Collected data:
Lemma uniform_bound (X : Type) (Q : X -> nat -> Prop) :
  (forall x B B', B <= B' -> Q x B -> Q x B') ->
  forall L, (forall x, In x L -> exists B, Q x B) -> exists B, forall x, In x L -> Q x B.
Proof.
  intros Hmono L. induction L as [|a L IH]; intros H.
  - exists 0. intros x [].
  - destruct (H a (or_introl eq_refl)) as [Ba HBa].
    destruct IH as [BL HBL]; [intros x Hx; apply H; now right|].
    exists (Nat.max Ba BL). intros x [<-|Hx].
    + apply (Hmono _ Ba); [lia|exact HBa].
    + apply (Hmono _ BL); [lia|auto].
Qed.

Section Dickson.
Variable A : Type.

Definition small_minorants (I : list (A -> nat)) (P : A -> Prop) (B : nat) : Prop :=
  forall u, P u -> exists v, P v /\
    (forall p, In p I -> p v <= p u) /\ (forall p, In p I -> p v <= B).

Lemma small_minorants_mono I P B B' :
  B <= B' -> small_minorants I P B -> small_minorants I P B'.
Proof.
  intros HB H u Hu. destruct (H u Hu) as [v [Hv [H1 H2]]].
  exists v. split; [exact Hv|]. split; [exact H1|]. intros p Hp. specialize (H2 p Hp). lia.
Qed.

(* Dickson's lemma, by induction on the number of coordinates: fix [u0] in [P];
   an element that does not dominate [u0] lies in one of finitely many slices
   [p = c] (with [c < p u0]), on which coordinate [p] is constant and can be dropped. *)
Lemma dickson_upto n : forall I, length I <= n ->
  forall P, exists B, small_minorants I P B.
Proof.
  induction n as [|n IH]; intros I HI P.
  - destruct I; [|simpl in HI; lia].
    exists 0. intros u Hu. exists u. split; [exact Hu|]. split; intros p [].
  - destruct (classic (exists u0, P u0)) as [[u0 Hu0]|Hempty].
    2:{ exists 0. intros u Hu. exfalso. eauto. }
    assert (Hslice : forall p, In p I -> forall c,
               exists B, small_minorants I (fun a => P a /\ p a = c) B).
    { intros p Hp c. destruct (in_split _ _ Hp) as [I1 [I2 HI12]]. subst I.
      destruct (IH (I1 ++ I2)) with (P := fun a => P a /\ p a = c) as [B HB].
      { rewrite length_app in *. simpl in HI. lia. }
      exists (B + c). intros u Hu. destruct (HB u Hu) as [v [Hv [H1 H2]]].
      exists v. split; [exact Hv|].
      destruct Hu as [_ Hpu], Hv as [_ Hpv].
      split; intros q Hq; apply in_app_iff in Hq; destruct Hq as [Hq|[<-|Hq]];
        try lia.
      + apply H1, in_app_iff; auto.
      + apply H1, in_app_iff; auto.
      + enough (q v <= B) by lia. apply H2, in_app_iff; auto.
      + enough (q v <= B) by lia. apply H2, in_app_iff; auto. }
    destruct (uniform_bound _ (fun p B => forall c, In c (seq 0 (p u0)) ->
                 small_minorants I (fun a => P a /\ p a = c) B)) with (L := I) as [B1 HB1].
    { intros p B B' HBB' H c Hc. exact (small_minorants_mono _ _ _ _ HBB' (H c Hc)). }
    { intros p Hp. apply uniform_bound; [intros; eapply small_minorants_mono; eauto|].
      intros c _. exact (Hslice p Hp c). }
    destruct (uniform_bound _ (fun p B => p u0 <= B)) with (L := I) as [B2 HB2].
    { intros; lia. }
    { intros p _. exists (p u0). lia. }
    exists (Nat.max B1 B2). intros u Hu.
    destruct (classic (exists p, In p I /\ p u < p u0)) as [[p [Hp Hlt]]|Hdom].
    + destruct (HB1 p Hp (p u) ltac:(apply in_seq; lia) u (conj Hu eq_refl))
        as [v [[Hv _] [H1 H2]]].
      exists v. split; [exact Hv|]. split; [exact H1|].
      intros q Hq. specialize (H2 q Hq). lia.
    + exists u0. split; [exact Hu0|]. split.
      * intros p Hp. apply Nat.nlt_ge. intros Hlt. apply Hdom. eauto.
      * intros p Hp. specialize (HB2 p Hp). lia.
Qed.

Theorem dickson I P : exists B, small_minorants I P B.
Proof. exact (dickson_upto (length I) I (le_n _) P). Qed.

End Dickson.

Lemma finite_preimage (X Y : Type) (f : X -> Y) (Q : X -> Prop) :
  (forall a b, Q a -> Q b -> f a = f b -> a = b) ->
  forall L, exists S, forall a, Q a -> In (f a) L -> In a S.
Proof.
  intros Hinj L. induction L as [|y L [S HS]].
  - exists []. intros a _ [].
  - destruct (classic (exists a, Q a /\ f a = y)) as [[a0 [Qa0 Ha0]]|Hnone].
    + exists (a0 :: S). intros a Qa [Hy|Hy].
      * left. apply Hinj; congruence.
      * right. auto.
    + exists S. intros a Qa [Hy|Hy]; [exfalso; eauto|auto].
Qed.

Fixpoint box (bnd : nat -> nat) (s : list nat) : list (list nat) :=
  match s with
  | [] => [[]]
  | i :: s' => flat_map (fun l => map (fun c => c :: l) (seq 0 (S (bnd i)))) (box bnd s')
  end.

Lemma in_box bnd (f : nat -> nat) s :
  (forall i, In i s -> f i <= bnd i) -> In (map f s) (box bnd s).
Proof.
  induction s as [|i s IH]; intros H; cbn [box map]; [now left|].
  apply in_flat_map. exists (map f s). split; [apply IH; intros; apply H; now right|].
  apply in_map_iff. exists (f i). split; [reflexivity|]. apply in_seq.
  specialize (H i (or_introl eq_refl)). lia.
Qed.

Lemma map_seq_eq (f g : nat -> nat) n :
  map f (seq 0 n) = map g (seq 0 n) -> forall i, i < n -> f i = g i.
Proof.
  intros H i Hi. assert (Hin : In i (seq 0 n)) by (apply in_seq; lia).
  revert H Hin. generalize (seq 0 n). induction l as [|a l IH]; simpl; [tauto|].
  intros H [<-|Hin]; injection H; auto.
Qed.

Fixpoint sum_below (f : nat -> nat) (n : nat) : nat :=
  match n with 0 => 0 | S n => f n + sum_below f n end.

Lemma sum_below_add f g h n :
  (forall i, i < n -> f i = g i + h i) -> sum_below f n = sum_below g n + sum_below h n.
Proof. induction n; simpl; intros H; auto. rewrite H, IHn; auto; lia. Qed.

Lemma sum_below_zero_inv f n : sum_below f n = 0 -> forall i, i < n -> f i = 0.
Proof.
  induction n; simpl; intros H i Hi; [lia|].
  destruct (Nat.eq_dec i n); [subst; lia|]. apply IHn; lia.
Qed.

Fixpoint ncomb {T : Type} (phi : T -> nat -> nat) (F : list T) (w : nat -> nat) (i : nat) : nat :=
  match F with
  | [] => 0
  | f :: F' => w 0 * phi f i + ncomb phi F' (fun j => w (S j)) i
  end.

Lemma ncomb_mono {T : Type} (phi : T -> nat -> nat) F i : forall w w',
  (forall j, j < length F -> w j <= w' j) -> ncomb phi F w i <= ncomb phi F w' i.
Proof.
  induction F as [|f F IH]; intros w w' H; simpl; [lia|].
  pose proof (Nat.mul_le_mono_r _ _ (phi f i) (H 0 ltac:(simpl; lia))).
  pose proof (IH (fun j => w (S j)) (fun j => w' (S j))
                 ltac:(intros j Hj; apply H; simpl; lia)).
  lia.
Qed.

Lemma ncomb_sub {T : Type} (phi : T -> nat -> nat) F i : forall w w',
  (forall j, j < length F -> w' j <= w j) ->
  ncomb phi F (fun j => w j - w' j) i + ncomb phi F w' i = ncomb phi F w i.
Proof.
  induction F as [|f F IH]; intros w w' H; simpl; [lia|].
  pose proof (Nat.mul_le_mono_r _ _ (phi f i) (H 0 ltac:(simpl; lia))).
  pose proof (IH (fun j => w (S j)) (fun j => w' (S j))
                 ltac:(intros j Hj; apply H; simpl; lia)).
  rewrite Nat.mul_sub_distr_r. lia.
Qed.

Problem statement
A word-for-word copy of the lines above from the one with "[p = c] (with" through the one with "exists (Nat.max B1 B2). intros u Hu.", inclusive, is the only output wanted.

Answer space
   [p = c] (with [c < p u0]), on which coordinate [p] is constant and can be dropped. *)
Lemma dickson_upto n : forall I, length I <= n ->
  forall P, exists B, small_minorants I P B.
Proof.
  induction n as [|n IH]; intros I HI P.
  - destruct I; [|simpl in HI; lia].
    exists 0. intros u Hu. exists u. split; [exact Hu|]. split; intros p [].
  - destruct (classic (exists u0, P u0)) as [[u0 Hu0]|Hempty].
    2:{ exists 0. intros u Hu. exfalso. eauto. }
    assert (Hslice : forall p, In p I -> forall c,
               exists B, small_minorants I (fun a => P a /\ p a = c) B).
    { intros p Hp c. destruct (in_split _ _ Hp) as [I1 [I2 HI12]]. subst I.
      destruct (IH (I1 ++ I2)) with (P := fun a => P a /\ p a = c) as [B HB].
      { rewrite length_app in *. simpl in HI. lia. }
      exists (B + c). intros u Hu. destruct (HB u Hu) as [v [Hv [H1 H2]]].
      exists v. split; [exact Hv|].
      destruct Hu as [_ Hpu], Hv as [_ Hpv].
      split; intros q Hq; apply in_app_iff in Hq; destruct Hq as [Hq|[<-|Hq]];
        try lia.
      + apply H1, in_app_iff; auto.
      + apply H1, in_app_iff; auto.
      + enough (q v <= B) by lia. apply H2, in_app_iff; auto.
      + enough (q v <= B) by lia. apply H2, in_app_iff; auto. }
    destruct (uniform_bound _ (fun p B => forall c, In c (seq 0 (p u0)) ->
                 small_minorants I (fun a => P a /\ p a = c) B)) with (L := I) as [B1 HB1].
    { intros p B B' HBB' H c Hc. exact (small_minorants_mono _ _ _ _ HBB' (H c Hc)). }
    { intros p Hp. apply uniform_bound; [intros; eapply small_minorants_mono; eauto|].
      intros c _. exact (Hslice p Hp c). }
    destruct (uniform_bound _ (fun p B => p u0 <= B)) with (L := I) as [B2 HB2].
    { intros; lia. }
    { intros p _. exists (p u0). lia. }
    exists (Nat.max B1 B2). intros u Hu.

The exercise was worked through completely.